Hi. You’re correct that nosocomial infections — ones contracted in health care settings — have made up a significant portion of cases in this outbreak. The WHO estimates that at this point in the outbreak, about 25 percent of people who are getting infected contract the virus at a health facility. It’s adding to the complexity of trying to figure out where the virus is spreading.
Nosocomial transmission was a bigger problem in the fall in Beni, where an unusually large percentage of cases were in young children. It was malaria season and kids were getting infected, brought into a hospital or clinic for care and going home with Ebola. Tragic.
I have written about this, as have other reporters.
The WHO and its partners in this outbreak response have been working to educate health care providers about the importance of good infection control practices — things like hand hygiene and safe injections.
Why doesn’t this article identify the extremists killing and torching doctors, nurses & responders as Islamic Terrorists or Islamist Terrorists or Islamic Jihadists? Politically (in)correct reporters help to perpetuate the violence by not identifying who the perpetrators are and keeping the public ignorant.
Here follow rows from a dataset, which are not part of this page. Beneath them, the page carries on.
Lemma mxalg_irr_rank1 : (0 < n)%N -> exists2 T, E T & \rank T = 1%N.
Proof.
move=> n_gt0.
pose Ranks r := exists2 T, E T & \rank T = r /\ (0 < r)%N.
have Ranks_n : Ranks n by exists 1%:M; [apply: mxsubalg1 | rewrite mxrank1].
have [r [T ET [rkT r_gt0]] minr] := classic_ex_minn (ex_intro _ _ Ranks_n).
exists T => //; rewrite rkT; apply/eqP; rewrite eqn_leq r_gt0 andbT leqNgt.
apply/negP; rewrite -rkT => /(mxalg_irr_rank_drop ET) [T' ET' /andP [rkT'_gt0]].
by rewrite ltnNge rkT minr //; exists T'.
Qed.

Theorem mxalg_irr_full a : E a.
Proof.
case: (posnP n) => [n0 | n_gt0].
  rewrite (_ : a = 1%:M); first exact: mxsubalg1.
  by apply/matrixP => i; have := ltn_ord i; rewrite {2}n0.
have [T ET rkT] := mxalg_irr_rank1 n_gt0.
have T_neq0 : T != 0 by rewrite -mxrank_eq0 rkT.
have [r rowr_neq0] := nonzero_row T_neq0.
have [z defT] : exists z, T = z *m row r T.
  apply/submxP; rewrite -(mxrank_leqif_sup (row_sub r T)) rkT.
  by rewrite rank_rV rowr_neq0.
have zT_neq0 : z^T != 0.
  by apply: contraNneq T_neq0; rewrite defT -trmx0 => /trmx_inj ->; rewrite mul0mx.
have Edelta i j : E (delta_mx i j).
  have [X EX zX] := mxalg_irr_cyclic (mxsubalg_tr algE) (mxalg_irr_tr irrE) zT_neq0 (delta_mx 0 i).
  have [Y EY rY] := mxalg_irr_cyclic algE irrE rowr_neq0 (delta_mx 0 j).
  have -> : delta_mx i j = X^T *m T *m Y.
    rewrite defT !mulmxA -(trmxK z) -trmx_mul -zX trmx_delta -mulmxA -rY.
    by rewrite mul_delta_mx.
  by apply: mxsubalgM => //; apply: mxsubalgM.
exact: lin_closed_mx_full (mxsubalg_lin algE) Edelta a.
Qed.

End Burnside.

Section NilpotentMx.
Variable k : fieldType.

Definition nilpotent_mx n (x : 'M[k]_n) := exists m, x ^+ m = 0.

Lemma conjmx_exp n (u x : 'M[k]_n) j : u \in unitmx ->
  conjmx u (x ^+ j) = conjmx u x ^+ j.
Proof.
move=> Uu; elim: j => [|j IH]; first by rewrite !expr0 conjmx_scalar ?row_free_unit.
by rewrite !exprS -IH -!mulmxE -conjmxM ?inE ?stablemx_unit.
Qed.

Lemma nilpotent_conjmx n (u x : 'M[k]_n) : u \in unitmx ->
  nilpotent_mx x -> nilpotent_mx (conjmx u x).
Proof. by move=> Uu [j xj]; exists j; rewrite -conjmx_exp // xj conjmx0. Qed.

Lemma conjmx_comb m n (V : 'M[k]_(m, n)) c x y :
  conjmx V (c *: x + y) = c *: conjmx V x + conjmx V y.
Proof. by rewrite /conjmx mulmxDr mulmxDl -scalemxAr -scalemxAl. Qed.

Definition strict_trig_mx n (x : 'M[k]_n) := forall i j : 'I_n, (i <= j)%N -> x i j = 0.

Lemma strict_trig_mx_lin n : lin_closed (@strict_trig_mx n).
Proof.
split=> [i j _|c x y x_trig y_trig i j le_ij]; first by rewrite mxE.
by rewrite !mxE x_trig // y_trig // mulr0 addr0.
Qed.

Lemma strict_trig_mx_exp n (x : 'M[k]_n) j (i l : 'I_n) :
  strict_trig_mx x -> (i < l + j)%N -> (x ^+ j) i l = 0.
Proof.
move=> x_trig; elim: j i l => [|j IH] i l lt_ilj.
  by rewrite expr0 mxE; case: eqP => // eq_il; move: lt_ilj; rewrite eq_il addn0 ltnn.
rewrite exprS -mulmxE mxE big1 // => q _.
have [le_iq | lt_qi] := leqP i q; first by rewrite x_trig // mul0r.
by rewrite IH ?mulr0 //; move: lt_ilj lt_qi; rewrite addnS; lia.
Qed.

Lemma strict_trig_mx_nilpotent n (x : 'M[k]_n) : strict_trig_mx x -> x ^+ n = 0.
Proof.
move=> x_trig; apply/matrixP => i l; rewrite mxE strict_trig_mx_exp //.
by have := ltn_ord i; lia.
Qed.

Lemma row_free_completion r s (B : 'M[k]_(r, r + s)) : row_free B ->
  exists2 P : 'M_(r + s), P \in unitmx & usubmx P = B.
Proof.
move=> freeB.
pose U : 'M[k]_(r, r + s) := row_mx 1%:M 0.
have UB : U *m col_mx B 0 = B by rewrite mul_row_col mul1mx mul0mx addr0.
have rkUB : \rank (U *m col_mx B 0) = \rank U.
  by apply/eqP; rewrite eqn_leq mxrankM_maxl UB (eqP freeB) rank_leq_row.
have [P UP defP] := complete_unitmx rkUB.
exists P => //.
by rewrite -UB defP -{2}[P]vsubmxK mul_row_col mul1mx mul0mx addr0.
Qed.

Section LowerBlock.
Variables m n : nat.
Implicit Types x y : 'M[k]_(m + n).

Lemma ulsubmx_comb c x y : ulsubmx (c *: x + y) = c *: ulsubmx x + ulsubmx y.
Proof. by apply/matrixP => i j; rewrite !mxE. Qed.

Lemma drsubmx_comb c x y : drsubmx (c *: x + y) = c *: drsubmx x + drsubmx y.
Proof. by apply/matrixP => i j; rewrite !mxE. Qed.

Lemma ulsubmx0 : ulsubmx (0 : 'M[k]_(m + n)) = 0.
Proof. by apply/matrixP => i j; rewrite !mxE. Qed.

Lemma drsubmx0 : drsubmx (0 : 'M[k]_(m + n)) = 0.
Proof. by apply/matrixP => i j; rewrite !mxE. Qed.

Lemma ulsubmx_lblockM x y : ursubmx x = 0 ->
  ulsubmx (x *m y) = ulsubmx x *m ulsubmx y.
Proof.
move=> x_ur; rewrite -{1}[x]submxK -{1}[y]submxK x_ur mulmx_block block_mxKul.
by rewrite mul0mx addr0.
Qed.

Lemma drsubmx_lblockM x y : ursubmx y = 0 ->
  drsubmx (x *m y) = drsubmx x *m drsubmx y.
Proof.
move=> y_ur; rewrite -{1}[x]submxK -{1}[y]submxK y_ur mulmx_block block_mxKdr.
by rewrite mulmx0 add0r.
Qed.

Lemma ursubmx_lblockM x y : ursubmx x = 0 -> ursubmx y = 0 -> ursubmx (x *m y) = 0.
Proof.
move=> x_ur y_ur; rewrite -[x]submxK -[y]submxK x_ur y_ur mulmx_block block_mxKur.
by rewrite mulmx0 mul0mx addr0.
Qed.

Lemma lblock1 :
  [/\ ursubmx (1%:M : 'M[k]_(m + n)) = 0, ulsubmx (1%:M : 'M[k]_(m + n)) = 1%:M
    & drsubmx (1%:M : 'M[k]_(m + n)) = 1%:M].
Proof. by rewrite (scalar_mx_block m n) block_mxKur block_mxKul block_mxKdr. Qed.

Lemma lblockX x j : ursubmx x = 0 ->
  [/\ ursubmx (x ^+ j) = 0, ulsubmx (x ^+ j) = ulsubmx x ^+ j
    & drsubmx (x ^+ j) = drsubmx x ^+ j].
Proof.
move=> x_ur; elim: j => [|j [IHur IHul IHdr]]; first by rewrite !expr0; apply: lblock1.
rewrite !exprS ursubmx_lblockM // ulsubmx_lblockM // drsubmx_lblockM //.
by rewrite IHul IHdr.
Qed.

Lemma unitmx_lblock x : ursubmx x = 0 ->
  (x \in unitmx) = (ulsubmx x \in unitmx) && (drsubmx x \in unitmx).
Proof. by move=> x_ur; rewrite -{1}[x]submxK x_ur !unitmxE det_lblock unitrM. Qed.

Lemma invmx_lblock x : ursubmx x = 0 -> x \in unitmx -> ursubmx (invmx x) = 0 ->
  ulsubmx (invmx x) = invmx (ulsubmx x) /\ drsubmx (invmx x) = invmx (drsubmx x).
Proof.
move=> x_ur Ux xV_ur; have [_ ul1 dr1] := lblock1.
by split; apply/esym/invmx_left;
  rewrite -?ulsubmx_lblockM -?drsubmx_lblockM // mulVmx // ?ul1 ?dr1.
Qed.

Lemma conjmx_lblock u x : u \in unitmx -> ursubmx u = 0 -> ursubmx (invmx u) = 0 ->
  ursubmx x = 0 ->
  [/\ ursubmx (conjmx u x) = 0, ulsubmx (conjmx u x) = conjmx (ulsubmx u) (ulsubmx x)
    & drsubmx (conjmx u x) = conjmx (drsubmx u) (drsubmx x)].
Proof.
move=> Uu u_ur uV_ur x_ur; have [ulV drV] := invmx_lblock u_ur Uu uV_ur.
have [Uul Udr] : ulsubmx u \in unitmx /\ drsubmx u \in unitmx.
  by apply/andP; rewrite -unitmx_lblock.
have ux_ur : ursubmx (u *m x) = 0 by apply: ursubmx_lblockM.
rewrite !conjumx // ursubmx_lblockM // ulsubmx_lblockM // drsubmx_lblockM //.
by rewrite ulsubmx_lblockM // drsubmx_lblockM // ulV drV.
Qed.

Lemma nilpotent_lblock x : ursubmx x = 0 ->
  nilpotent_mx x <-> nilpotent_mx (ulsubmx x) /\ nilpotent_mx (drsubmx x).
Proof.
move=> x_ur; split=> [[j xj] | [[a ula] [b drb]]].
  have [_ ulj drj] := lblockX j x_ur.
  by split; exists j; rewrite -?ulj -?drj xj; apply/matrixP => ? ?; rewrite !mxE.
have [y_ur y_ul y_dr] := lblockX (a + b) x_ur.
exists ((a + b) * 2)%N; rewrite exprM expr2 -mulmxE.
move: y_ur y_ul y_dr; set y := x ^+ (a + b) => y_ur y_ul y_dr.
rewrite -[y]submxK y_ur y_ul y_dr exprD ula [_ ^+ (a + b)]exprD drb.
by rewrite mul0r mulr0 mulmx_block !mulmx0 !mul0mx !addr0 block_mx0.
Qed.

End LowerBlock.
You are making assumptions that are not grounded in fact. That is not the dynamic in North Kivu.
There is that Islamic element from Ugandan Islamist rebels, but, from the small amount that I’ve read, the violence is also from locals who don’t trust outsiders, like Helen has said. The history of the Congo is very turbulent, to say the least. If you’re into history check out the book ‘ The Fortunes of Africa – A 5000 year History of wealth, greed, and endeavor.’ I’m not trying to blame everything on colonialism; it’s much more complicated than that.